I thought I would reply to this thread and bump it up in hopes that someone has some feedback on the new Padrone TR 170 TPI tires. Anybody?


----------



## cooskull (Nov 30, 2013)

Almost. I've got three in my possession now, just waiting for my current set of IRC Roadlites to give up the ghost in maybe another 200 miles (1-2 weeks) .


----------



## tednugent (Apr 26, 2010)

the original 120 TPI padrone was designed to be used without sealant. The airtight casing was likely designed not to be compatible with sealant (deterioriate with the ammonia in Stan's)

the 170, because it's "downgraded" to "Tubeless Ready", they don't have to worry about the air tight casing, which drops weight and produces a better ride.


----------



## cooskull (Nov 30, 2013)

tednugent said:


> the original 120 TPI padrone was designed to be used without sealant. The airtight casing was likely designed not to be compatible with sealant (deterioriate with the ammonia in Stan's)

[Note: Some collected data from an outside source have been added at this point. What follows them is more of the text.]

(* Let $A \in S(2n,\mathbb{R})$ and $0\le k\le n-1$. For a subset $S\subseteq\{1,\dots,n\}$ with $|S| = k$, let $A_S$ be the $(2n-2k)\times(2n-2k)$ submatrix of $A$ obtained by deleting rows and columns $2i-1$ and $2i$ for all $i\in S$, and set $s_k(A) = \sum_{S\subseteq\{1,\dots,n\},\,|S|=k}\operatorname{Pf}(A_S)$. Then for every $P \in \operatorname{Sp}(2n)$, $s_k(P^T A P) = s_k(A)$.
   Context: $S(2n,\mathbb{R}) = \{A \in M(2n,\mathbb{R}) : A^T = -A,\ \det A\neq 0\}$. $J$ is the $2n\times 2n$ block-diagonal matrix with $n$ diagonal blocks $J_0 = \begin{bmatrix} 0 & 1 \\ -1 & 0\end{bmatrix}$, and $\operatorname{Sp}(2n) = \{P\in M(2n,\mathbb{R}) : P^T J P = J\}$. For a skew-symmetric $2m\times 2m$ matrix $B$, $\operatorname{Pf}(B) = \frac{1}{2^m m!}\sum_{\sigma\in S_{2m}}\operatorname{sgn}(\sigma)\prod_{i=1}^m B_{\sigma(2i-1),\sigma(2i)}$. *)

From HB Require Import structures.
From mathcomp Require Import all_boot all_order all_algebra all_fingroup.
From mathcomp Require Import reals.
Set Implicit Arguments. Unset Strict Implicit. Unset Printing Implicit Defensive.
Import Order.TTheory GRing.Theory Num.Theory.
Local Open Scope ring_scope.

(* Indices are 0-based: the paper's index 2i-1, 2i (i = 1..n) become
   2i, 2i+1 (i = 0..n-1). *)

Section Defs.
Variable R : realType.
Section CentralExtension.
Variables (R : comPzRingType) (G : lieAlgebra R) (V : lmodType R).
Variable c : G -> G -> V.
Hypotheses (cDl : forall x x' y, c (x + x') y = c x y + c x' y)
           (cDr : forall x y y', c x (y + y') = c x y + c x y')
           (cZl : forall a x y, c (a *: x) y = a *: c x y)
           (cZr : forall a x y, c x (a *: y) = a *: c x y)
           (c_alt : forall x, c x x = 0)
           (c_cocycle : forall x y z, c x [[y, z]] + c y [[z, x]] + c z [[x, y]] = 0).

Definition cext_br (u v : V * G) : V * G := (c u.2 v.2, [[u.2, v.2]]).

Fact cext_brDl u v t : cext_br (u + v) t = cext_br u t + cext_br v t.
Proof. by rewrite /cext_br /= cDl lie_brDl. Qed.
Fact cext_brDr u v t : cext_br u (v + t) = cext_br u v + cext_br u t.
Proof. by rewrite /cext_br /= cDr lie_brDr. Qed.
Fact cext_brZl a u v : cext_br (a *: u) v = a *: cext_br u v.
Proof. by rewrite /cext_br /= cZl lie_brZl. Qed.
Fact cext_brZr a u v : cext_br u (a *: v) = a *: cext_br u v.
Proof. by rewrite /cext_br /= cZr lie_brZr. Qed.
Fact cext_br_alt u : cext_br u u = 0.
Proof. by rewrite /cext_br c_alt lie_br_alt. Qed.
Fact cext_jacobi u v t :
  cext_br u (cext_br v t) + cext_br v (cext_br t u) + cext_br t (cext_br u v) = 0.
Proof. by rewrite /cext_br /=; congr (_, _); [apply: c_cocycle | apply: lie_jacobi]. Qed.

Definition cext_lie : lieAlgebra R :=
  LieAlgebra cext_brDl cext_brDr cext_brZl cext_brZr cext_br_alt cext_jacobi.

Lemma cext_snd_hom : lie_hom (snd : cext_lie -> G).
Proof. by []. Qed.

End CentralExtension.

Section ExteriorSquareSpan.
Variables (R : comPzRingType) (G E : lieAlgebra R) (w : G -> G -> E) (b : G -> E).
Hypothesis E_square : is_qext_square 0 w b.

Let rels : qext_rels 0 w b := proj1 E_square.

Definition wedge_span : E -> Prop := lspan (fun e : E => exists h g, e = w h g).

Lemma wedge_span_br e e' : wedge_span e -> wedge_span e' -> wedge_span [[e, e']].
Proof.
move=> We We'; elim: We => [|_ [h [g ->] ]|e1 e2 _ IH1 _ IH2|a e1 _ IH].
- by rewrite lie_br0l; apply: lspan0.
- elim: We' => [|_ [h' [g' ->] ]|e1 e2 _ IH1 _ IH2|a e1 _ IH].
  + by rewrite lie_br0r; apply: lspan0.
  + by rewrite (qext_w_br rels); apply: span_gen; exists [[h, g]], [[h', g']].
  + by rewrite lie_brDr; apply: span_add.
  + by rewrite lie_brZr; apply: span_scale.
- by rewrite lie_brDl; apply: span_add.
- by rewrite lie_brZl; apply: span_scale.
Qed.

Definition wedge_subalgebra : lie_subalgebra E :=
  LieSubalgebra (lspan0 _) (@span_add _ _ _) (@span_scale _ _ _) wedge_span_br.

Let wedge_in h g : w h g \in subalg_pred wedge_subalgebra.
Proof. by apply/asboolP/span_gen; exists h, g. Qed.

Let w_sub h g : sub_lie wedge_subalgebra := Sub (w h g) (wedge_in h g).

Let sub_qext_rels : qext_rels 0 w_sub (fun=> 0).
Proof.
split; [|split; [|split; [|split; [|split; [|split; [|split] ] ] ] ] ] => //.
- by move=> a h g; split; apply: val_inj; rewrite /= ?(qext_wZl rels) ?(qext_wZr rels).
- by move=> h h' g; apply: val_inj; rewrite /= (qext_wDl rels).
- by move=> h g g'; apply: val_inj; rewrite /= (qext_wDr rels).
- by move=> h h' g; apply: val_inj; rewrite /= (qext_w_brl rels).
- by move=> h g g'; apply: val_inj; rewrite /= (qext_w_brr rels).
- by move=> h g h' g'; apply: val_inj; rewrite /= (qext_w_br rels).
- by move=> h; apply: val_inj; rewrite /= (qext_w_alt rels).
Qed.

Lemma ext_square_spanned e : wedge_span e.
Proof.
have [j [ [j_hom j_w _] _] ] := proj2 E_square _ _ _ sub_qext_rels.
have val_j : val \o j = id.
  apply: (exists_unique_eq (proj2 E_square _ _ _ rels)); split=> //.
  - exact: lie_hom_comp j_hom (sub_lie_val_hom _).
  - by move=> h g; rewrite /= j_w.
by rewrite -[e]/(id e) -val_j; exact: (subalg_valP (j e)).
Qed.

End ExteriorSquareSpan.

Section Presentation.
Variables (R : comPzRingType) (q : nat) (G F : lieAlgebra R) (d : F -> G).
Hypothesis d_hom : lie_hom d.

Let d_lin : linear d := proj1 d_hom.
(* Let $G$ be a finite group and $q$ a prime divisor of $|G|$. Let $Q\in{\rm Syl}_q(G)$ with $|Q|=q^m$, $m\geq 1$. If $Q$ is cyclic and $G$ has exactly $t$ Sylow $q$-subgroups, then $|F_{q^m}(G)|\geq q^m+(t-1)(q^m-q^{m-1})$.
   Context: For a finite group $G$ and a positive integer $n$, $F_n(G)=\{g\in G\mid g^n=1\}$. *)

From mathcomp Require Import all_boot all_fingroup all_solvable.
Set Implicit Arguments. Unset Strict Implicit. Unset Printing Implicit Defensive.
Local Open Scope group_scope.

Definition Fn (gT : finGroupType) (n : nat) (G : {set gT}) : {set gT} :=
  [set g in G | g ^+ n == 1].

From mathcomp Require Import all_boot all_fingroup all_solvable.

Set Implicit Arguments.
Unset Strict Implicit.
Unset Printing Implicit Defensive.

Local Open Scope group_scope.

(* The elements of [G] of order [q^m = #|Q|] are exactly the generators of the
   Sylow q-subgroups; these are cyclic, pairwise conjugate, and no element
   generates two of them, so there are [t * phi(q^m)] such elements, of which
   [phi(q^m)] lie in [Q]. Together with [Q] itself they all satisfy
   [x^(q^m) = 1]. *)

Lemma FnE (gT : finGroupType) (n : nat) (G : {set gT}) :
  Fn n G = [set x in G | (#[x] %| n)%N].
Proof. by apply/setP=> x; rewrite !inE order_dvdn. Qed.

Lemma totient_prime_power p e :
  prime p -> (0 < e)%N -> totient (p ^ e) = (p ^ e - p ^ e.-1)%N.
Proof.
move=> p_pr e_gt0.
by rewrite totient_pfactor // -subn1 mulnBl mul1n -expnS prednK.
Qed.

Lemma generatorE (gT : finGroupType) (H : {group gT}) x :
  x \in H -> generator H x = (#[x] == #|H|).
Proof.
move=> Hx; rewrite /generator eq_sym eqEcard cycle_subG Hx /= eqn_leq.
by rewrite [(#[x] <= _)%N]subset_leq_card ?cycle_subG.
Qed.

Lemma card_cyclic_generators (gT : finGroupType) (H : {group gT}) :
  cyclic H -> #|[set x | generator H x]| = totient #|H|.
Proof. by case/cyclicP=> a ->; rewrite totient_gen. Qed.

Section SylowOrderElements.

Variables (gT : finGroupType) (q : nat) (G Q : {group gT}).
Hypothesis sylQ : q.-Sylow(G) Q.

Let E := [set x in G | #[x] == #|Q|].

Lemma card_Sylow (P : {group gT}) : q.-Sylow(G) P -> #|P| = #|Q|.
Proof. by move=> sylP; rewrite (card_Hall sylP) (card_Hall sylQ). Qed.

Lemma Sylow_cycleE x : x \in G -> q.-Sylow(G) <[x]> = (#[x] == #|Q|).
Proof. by move=> Gx; rewrite pHallE cycle_subG Gx (card_Hall sylQ). Qed.

Lemma cyclic_Sylow (P : {group gT}) : cyclic Q -> q.-Sylow(G) P -> cyclic P.
Proof. by move=> cycQ /(Sylow_trans sylQ)[g _ ->]; rewrite cyclicJ. Qed.

Lemma card_Sylow_order_elements :
  #|E| = (\sum_(P in 'Syl_q(G)) #|[set x | generator P x]|)%N.
Proof.
rewrite -sum1_card (partition_big (fun x => <[x]>%G) (mem 'Syl_q(G))) /=; last first.
  by move=> x; rewrite !inE => /andP[Gx ox]; rewrite Sylow_cycleE.
apply: eq_bigr => P; rewrite inE => sylP; rewrite -sum1_card; apply: eq_bigl => x.
rewrite !inE -val_eqE /= /generator [_ == <[x]>]eq_sym; apply: andb_idl => /eqP defP.
have Px : x \in P by rewrite -defP cycle_id.
by rewrite (subsetP (pHall_sub sylP)) // -(card_Sylow sylP) /order defP eqxx.
Qed.

Lemma card_cyclic_Sylow_order_elements :
  cyclic Q -> #|E| = (#|'Syl_q(G)| * totient #|Q|)%N.
Proof.
move=> cycQ; rewrite card_Sylow_order_elements -sum_nat_const.
apply: eq_bigr => P; rewrite inE => sylP.
by rewrite card_cyclic_generators ?(cyclic_Sylow cycQ) ?(card_Sylow sylP).
Qed.

Lemma Sylow_setI_order_elements : Q :&: E = [set x | generator Q x].
Proof.
apply/setP=> x; rewrite !inE; apply/idP/idP=> [/and3P[Qx _ ox] | genQx].
  by rewrite generatorE.
have Qx : x \in Q by move: genQx => /eqP->; apply: cycle_id.
by rewrite Qx (subsetP (pHall_sub sylQ)) // -generatorE.
Qed.

Lemma Sylow_order_elements_subFn : Q :|: E \subset Fn #|Q| G.
Proof.
apply/subsetP=> x; rewrite FnE !inE => /orP[Qx | /andP[-> /eqP->]]; last exact: dvdnn.
by rewrite (subsetP (pHall_sub sylQ)) // order_dvdG.
Qed.

End SylowOrderElements.

Theorem lemma2p1 (gT : finGroupType) (G Q : {group gT}) (q m t : nat) :
  prime q -> (q %| #|G|)%N ->
  Q \in 'Syl_q(G) -> #|Q| = (q ^ m)%N -> (1 <= m)%N ->
  cyclic Q -> #|'Syl_q(G)| = t ->
  (q ^ m + (t - 1) * (q ^ m - q ^ m.-1) <= #|Fn (q ^ m) G|)%N.
Proof.
move=> q_pr _ QS cardQ m_gt0 cycQ cardS; have sylQ : q.-Sylow(G) Q by rewrite inE in QS.
have t_gt0 : (0 < t)%N by rewrite -cardS; apply/card_gt0P; exists Q.
have := subset_leq_card (Sylow_order_elements_subFn sylQ).
rewrite cardsU (Sylow_setI_order_elements sylQ) card_cyclic_generators //.
rewrite (card_cyclic_Sylow_order_elements sylQ cycQ) cardS cardQ -totient_prime_power //.
by rewrite mulnBl mul1n addnBA // leq_pmull.
Qed.
Lemma integrable_lin_comb (al be ga : R) {q f : T -> R} :
  peak_admissible Pk q ->
  (forall x, f x = al * rate_pt q x + be * (h x * q x) + ga * q x) ->
  P.-integrable setT (EFin \o f).
Proof.
case=> mq qP fE.
apply: (@integrable_le_affine _ _ _ P h f (`|al| * (Pk / s) + `|be| * Pk) (`|ga| * Pk) ih).
- rewrite (funext fE); apply: measurable_funD; first apply: measurable_funD.
  + by apply: measurable_funM; [exact: measurable_cst | exact: measurable_rate_pt].
  + by apply: measurable_funM; [exact: measurable_cst | exact: measurable_funM].
  + by apply: measurable_funM; [exact: measurable_cst | exact: mq].
- by rewrite addr_ge0 // mulr_ge0 // divr_ge0 // ltW.
move=> x; have /andP[q0 qPk] := qP x; have /andP[r0 r1] := rate_pt_itv _ _ q0.
have hx := h0 x; have si : 0 <= s^-1 by rewrite invr_ge0 ltW.
have e1 : `|al * rate_pt q x| <= `|al| * (Pk / s * h x).
  rewrite normrM ler_wpM2l // ger0_norm // (le_trans r1) //.
  have : h x * q x <= Pk * h x by nra.
  nra.
have e2 : `|be * (h x * q x)| <= `|be| * (Pk * h x).
  by rewrite normrM ler_wpM2l // ger0_norm ?mulr_ge0 // mulrC ler_wpM2r.
have e3 : `|ga * q x| <= `|ga| * Pk by rewrite normrM ler_wpM2l // ger0_norm.
rewrite fE; apply: (le_trans (ler_normD _ _)).
have := ler_normD (al * rate_pt q x) (be * (h x * q x)).
have -> : (`|al| * (Pk / s) + `|be| * Pk) * h x + `|ga| * Pk =
  `|al| * (Pk / s * h x) + `|be| * (Pk * h x) + `|ga| * Pk by ring.
lra.
Qed.

Lemma integrable_rate_pt {q : T -> R} : peak_admissible Pk q ->
  P.-integrable setT (EFin \o rate_pt q).
Proof. by move=> qa; apply: (integrable_lin_comb 1 0 0 qa) => x; ring. Qed.

Lemma integrable_hmul {q : T -> R} : peak_admissible Pk q ->
  P.-integrable setT (EFin \o (fun x => h x * q x)).
Proof. by move=> qa; apply: (integrable_lin_comb 0 1 0 qa) => x; ring. Qed.

Lemma integrable_alloc {q : T -> R} : peak_admissible Pk q ->
  P.-integrable setT (EFin \o q).
Proof. by move=> qa; apply: (integrable_lin_comb 0 0 1 qa) => x; ring. Qed.

Definition lag_fun l' b' (q : T -> R) x := rate_pt q x + l' * (h x * q x) - b' * q x.

Definition lag_val l' b' q := \int[P]_x rate_pt q x
  + l' * (\int[P]_x (h x * q x) - Q) - b' * (\int[P]_x q x - Pa).

Lemma integrable_lag_fun l' b' {q : T -> R} : peak_admissible Pk q ->
  P.-integrable setT (EFin \o lag_fun l' b' q).
Proof.
by move=> qa; apply: (integrable_lin_comb 1 l' (- b') qa) => x; rewrite /lag_fun; ring.
Qed.

Lemma Rintegral_lag_fun l' b' q : peak_admissible Pk q ->
  \int[P]_x lag_fun l' b' q x
  = \int[P]_x rate_pt q x + l' * \int[P]_x (h x * q x) - b' * \int[P]_x q x.
Proof.
move=> qa; rewrite /lag_fun RintegralB //; last first.
- by apply: (integrable_lin_comb 0 0 b' qa) => x; ring.
- by apply: (integrable_lin_comb 1 l' 0 qa) => x; ring.
rewrite RintegralD //; last by apply: (integrable_lin_comb 0 l' 0 qa) => x; ring.
- by rewrite !RintegralZl // ?integrable_hmul ?integrable_alloc.
- exact: integrable_rate_pt.
Qed.

Lemma lagrangianE l' b' q : peak_admissible Pk q ->
  lagrangian P h s Pa Q l' b' q = (lag_val l' b' q)%:E.
Proof.
move=> qa; rewrite /lagrangian /rate (Ex_Rintegral P (integrable_rate_pt qa)).
rewrite (Ex_Rintegral P (integrable_hmul qa)) (Ex_Rintegral P (integrable_alloc qa)).
by rewrite -!EFinB.
Qed.

Lemma lag_valB l' b' q : peak_admissible Pk q ->
  lag_val l' b' q - lag_val l' b' popt
  = \int[P]_x (lag_fun l' b' q x - lag_fun l' b' popt x).
Proof.
move=> qa; have pa := opt_alloc_admissible.
rewrite RintegralB ?integrable_lag_fun // !Rintegral_lag_fun // /lag_val; ring.
Qed.

Definition curv x := curvature (h x) s Pk.

Definition gap_lin u v x := `|u * h x - v| * Pk.
Definition gap_quad u v x := (u * h x - v) ^+ 2 / (4 * curv x).

(* For [t = 1] this is the bound of [concave_quad_le_min] on the gain of the
   Lagrangian integrand when the dual variables move by [(u, v)]; the extra
   factor [t] is a dual step size. *)
Definition gap_bound t u v x := Num.min (gap_lin u v x) (t * gap_quad u v x).

Lemma curv_ge0 x : 0 <= curv x.
Proof. by rewrite /curv /curvature divr_ge0 ?sqr_ge0 // mulr_ge0 ?sqr_ge0. Qed.

Lemma curv_gt0 x : 0 < h x -> 0 < curv x.
Proof.
move=> hx; rewrite /curv /curvature divr_gt0 ?exprn_gt0 // mulr_gt0 // exprn_gt0 //.
by rewrite ltr_wpDr // mulr_ge0.
Qed.

Lemma measurable_curv : measurable_fun setT curv.
Proof.
apply: measurable_funM; first exact: measurable_funX.
apply: measurableT_comp; first exact: measurable_inv.
apply: measurable_funM; first exact: measurable_cst.
apply/measurable_funX/measurable_funD; first exact: measurable_cst.
by apply: measurable_funM => //; exact: measurable_cst.
Qed.

Lemma curv_sqr_le q x : 0 <= q x <= Pk -> curv x * (q x - popt x) ^+ 2 <= 4^-1.
Proof.
move=> /andP[q0 qP]; have /andP[p0 pP] := opt_alloc_itv x.
have hx := h0 x; have hP : 0 <= h x * Pk by rewrite mulr_ge0.
have d2 : (q x - popt x) ^+ 2 <= Pk ^+ 2.
  have h1 : 0 <= Pk - (q x - popt x) by lra.
  have h2 : 0 <= Pk + (q x - popt x) by lra.
  by have := mulr_ge0 h1 h2; rewrite !expr2; lra.
have e : (h x * Pk) ^+ 2 <= (s + h x * Pk) ^+ 2.
  by have := mulr_ge0 (ltW s0) (addr_ge0 (addr_ge0 (ltW s0) hP) hP); rewrite !expr2; lra.
apply: (le_trans (ler_wpM2l (curv_ge0 x) d2)).
rewrite /curv /curvature mulrAC -exprMn ler_pdivrMr; last first.
  by rewrite mulr_gt0 // exprn_gt0 // ltr_wpDr.
by rewrite mulrA mulVf // mul1r.
Qed.

Lemma curv_sqr_ge0 q x : 0 <= curv x * (q x - popt x) ^+ 2.
Proof. by rewrite mulr_ge0 ?curv_ge0 ?sqr_ge0. Qed.

Lemma integrable_curv_sqr {q : T -> R} : peak_admissible Pk q ->
  P.-integrable setT (EFin \o (fun x => curv x * (q x - popt x) ^+ 2)).
Proof.
case=> mq qP; apply: (@integrable_le_affine _ _ _ P h _ 0 4^-1 ih) => //.
  apply: measurable_funM; first exact: measurable_curv.
  by apply/measurable_funX/measurable_funB => //; exact: measurable_opt_alloc.
by move=> x; rewrite mul0r add0r ger0_norm ?curv_sqr_le ?curv_sqr_ge0.
Qed.

Lemma gap_lin_ge0 u v x : 0 <= gap_lin u v x.
Proof. by rewrite /gap_lin mulr_ge0. Qed.

Lemma gap_quad_ge0 u v x : 0 <= gap_quad u v x.
Proof. by rewrite /gap_quad divr_ge0 ?sqr_ge0 // mulr_ge0 ?curv_ge0. Qed.

Lemma gap_lin_le u v x : gap_lin u v x <= `|u| * Pk * h x + `|v| * Pk.
Proof.
have := ler_normB (u * h x) v; rewrite normrM (ger0_norm (h0 x)) => e.
by have := ler_wpM2r Pk0 e; rewrite /gap_lin; lra.
Qed.

Lemma measurable_gap_lin u v : measurable_fun setT (gap_lin u v).
Proof.
apply: measurable_funM; last exact: measurable_cst.
apply: measurableT_comp; first exact: normr_measurable.
apply: measurable_funB; last exact: measurable_cst.
by apply: measurable_funM => //; exact: measurable_cst.
Qed.

Lemma measurable_gap_quad u v : measurable_fun setT (gap_quad u v).
Proof.
apply: measurable_funM.
  apply/measurable_funX/measurable_funB; last exact: measurable_cst.
  by apply: measurable_funM => //; exact: measurable_cst.
apply: measurableT_comp; first exact: measurable_inv.
by apply: measurable_funM; [exact: measurable_cst | exact: measurable_curv].
Qed.

Lemma integrable_gap_lin u v : P.-integrable setT (EFin \o gap_lin u v).
Proof.
apply: (@integrable_le_affine _ _ _ P h _ (`|u| * Pk) (`|v| * Pk) ih).
- exact: measurable_gap_lin.
- by rewrite mulr_ge0.
by move=> x; rewrite ger0_norm ?gap_lin_ge0 ?gap_lin_le.
Qed.

Lemma gap_bound_ge0 t u v x : 0 <= t -> 0 <= gap_bound t u v x.
Proof. by move=> t0; rewrite le_min gap_lin_ge0 mulr_ge0 ?gap_quad_ge0. Qed.

Lemma integrable_gap_bound t u v : 0 <= t ->
  P.-integrable setT (EFin \o gap_bound t u v).
Proof.
move=> t0; apply: (@integrable_le_affine _ _ _ P h _ (`|u| * Pk) (`|v| * Pk) ih).
- apply: measurable_minr; first exact: measurable_gap_lin.
  by apply: measurable_funM; [exact: measurable_cst | exact: measurable_gap_quad].
- by rewrite mulr_ge0.
move=> x; rewrite ger0_norm ?gap_bound_ge0 //.
by apply: le_trans (gap_lin_le u v x); rewrite ge_min lexx.
Qed.

Lemma gap_bound00 x : gap_bound 1 0 0 x = 0.
Proof.
rewrite /gap_bound /gap_lin /gap_quad !mul0r subrr normr0 mul0r.
by rewrite expr0n /= mul0r mulr0 minxx.
Qed.

Lemma gap_bound_scale t u v x : 0 < t ->
  gap_bound 1 (t * u) (t * v) x = t * gap_bound t u v x.
Proof.
move=> t0; rewrite /gap_bound /gap_lin /gap_quad minr_pMr; last exact: ltW.
have -> : t * u * h x - t * v = t * (u * h x - v) by ring.
by rewrite normrM (ger0_norm (ltW t0)) exprMn; congr (Num.min _ _); ring.
Qed.

Lemma lag_funB_le l' b' q x : 0 < h x -> 0 <= q x <= Pk ->
  lag_fun l' b' q x - lag_fun l' b' popt x
  <= - curv x * (q x - popt x) ^+ 2 + ((l' - l) * h x - (b' - b)) * (q x - popt x).
Proof.
move=> hx qx; have := @lag_pt_le_opt_level _ (h x) s Pk l b (q x) hx s0 Pk0 l0 b0 qx.
rewrite /lag_pt -/(curv x) -/(rate_pt q x) -/(rate_pt popt x) /lag_fun.
change (opt_level (h x) s Pk l b) with (popt x); lra.
Qed.

Lemma lag_val_le_gap l' b' q : peak_admissible Pk q ->
  lag_val l' b' q <= lag_val l' b' popt + \int[P]_x gap_bound 1 (l' - l) (b' - b) x.
Proof.
move=> qa; rewrite -lerBlDl lag_valB //.
apply: (le_Rintegral_neq0 _ _ mh h0null).
- by apply: integrable_EFinB; apply: integrable_lag_fun => //; exact: opt_alloc_admissible.
- exact: integrable_gap_bound.
move=> x /gain_gt0 hp; case: qa => _ /(_ x) qx.
apply: (le_trans (lag_funB_le l' b' _ _ hp qx)).
rewrite /gap_bound /gap_lin /gap_quad mul1r.
apply: concave_quad_le_min; first exact: curv_gt0.
by have := opt_alloc_itv x; case/andP: qx => ? ?; rewrite ler_norml; lra.
Qed.

Lemma lag_val_le_sub_sqr {q : T -> R} : peak_admissible Pk q ->
  lag_val l b q <= lag_val l b popt - \int[P]_x (curv x * (q x - popt x) ^+ 2).
Proof.
move=> qa; have iC := integrable_curv_sqr qa.
have i0 := finite_measure_integrable_cst P (0 : R) measurableT.
suff : lag_val l b q - lag_val l b popt
    <= \int[P]_x (0 - curv x * (q x - popt x) ^+ 2).
  by rewrite RintegralB // Rintegral_cst // mul0r sub0r; lra.
rewrite lag_valB //; apply: (le_Rintegral_neq0 _ _ mh h0null).
- by apply: integrable_EFinB; apply: integrable_lag_fun => //; exact: opt_alloc_admissible.
- exact: integrable_EFinB.
move=> x /gain_gt0 hp; case: qa => _ /(_ x) qx; have := lag_funB_le l b _ _ hp qx.
by rewrite !subrr mul0r subrr mul0r addr0 mulNr sub0r.
Qed.

Lemma dual_fun_le l' b' : (dual_fun P h s Pa Pk Q l' b'
  <= (lag_val l' b' popt + \int[P]_x gap_bound 1 (l' - l) (b' - b) x)%:E)%E.
Proof.
apply: ge_ereal_sup => _ [q qa <-].
by rewrite lagrangianE // lee_fin lag_val_le_gap.
Qed.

I used sealant (Hutchy Protect'Air) with the original Padrones and had no issues. I think the sealant was just optional since the casing was air tight without it, Shimano's alloy tubeless wheels are the only thing that I know of that didn't play well with some sealants containing ammonia.


----------



## igor99 (May 31, 2011)

I've got about 1000 miles on some. So far so good. I've got them on some Stan's Alpha 400s.


----------



## tednugent (Apr 26, 2010)

cooskull said:


> I used sealant (Hutchy Protect'Air) with the original Padrones and had no issues. I think the sealant was just optional since the casing was air tight without it, Shimano's alloy tubeless wheels are the only thing that I know of that didn't play well with some sealants containing ammonia.


back in the day, Maxxis did have a statment on the tires saying the workmanship warranty was voided if you used sealant.

Also back in the day, there were UST tires in the MTB world that were not sealant compatible, with Stan's being the primary sealant (when the Padrones were released, that was still the case), until those companies made "Sealant Compatible Technology" tires.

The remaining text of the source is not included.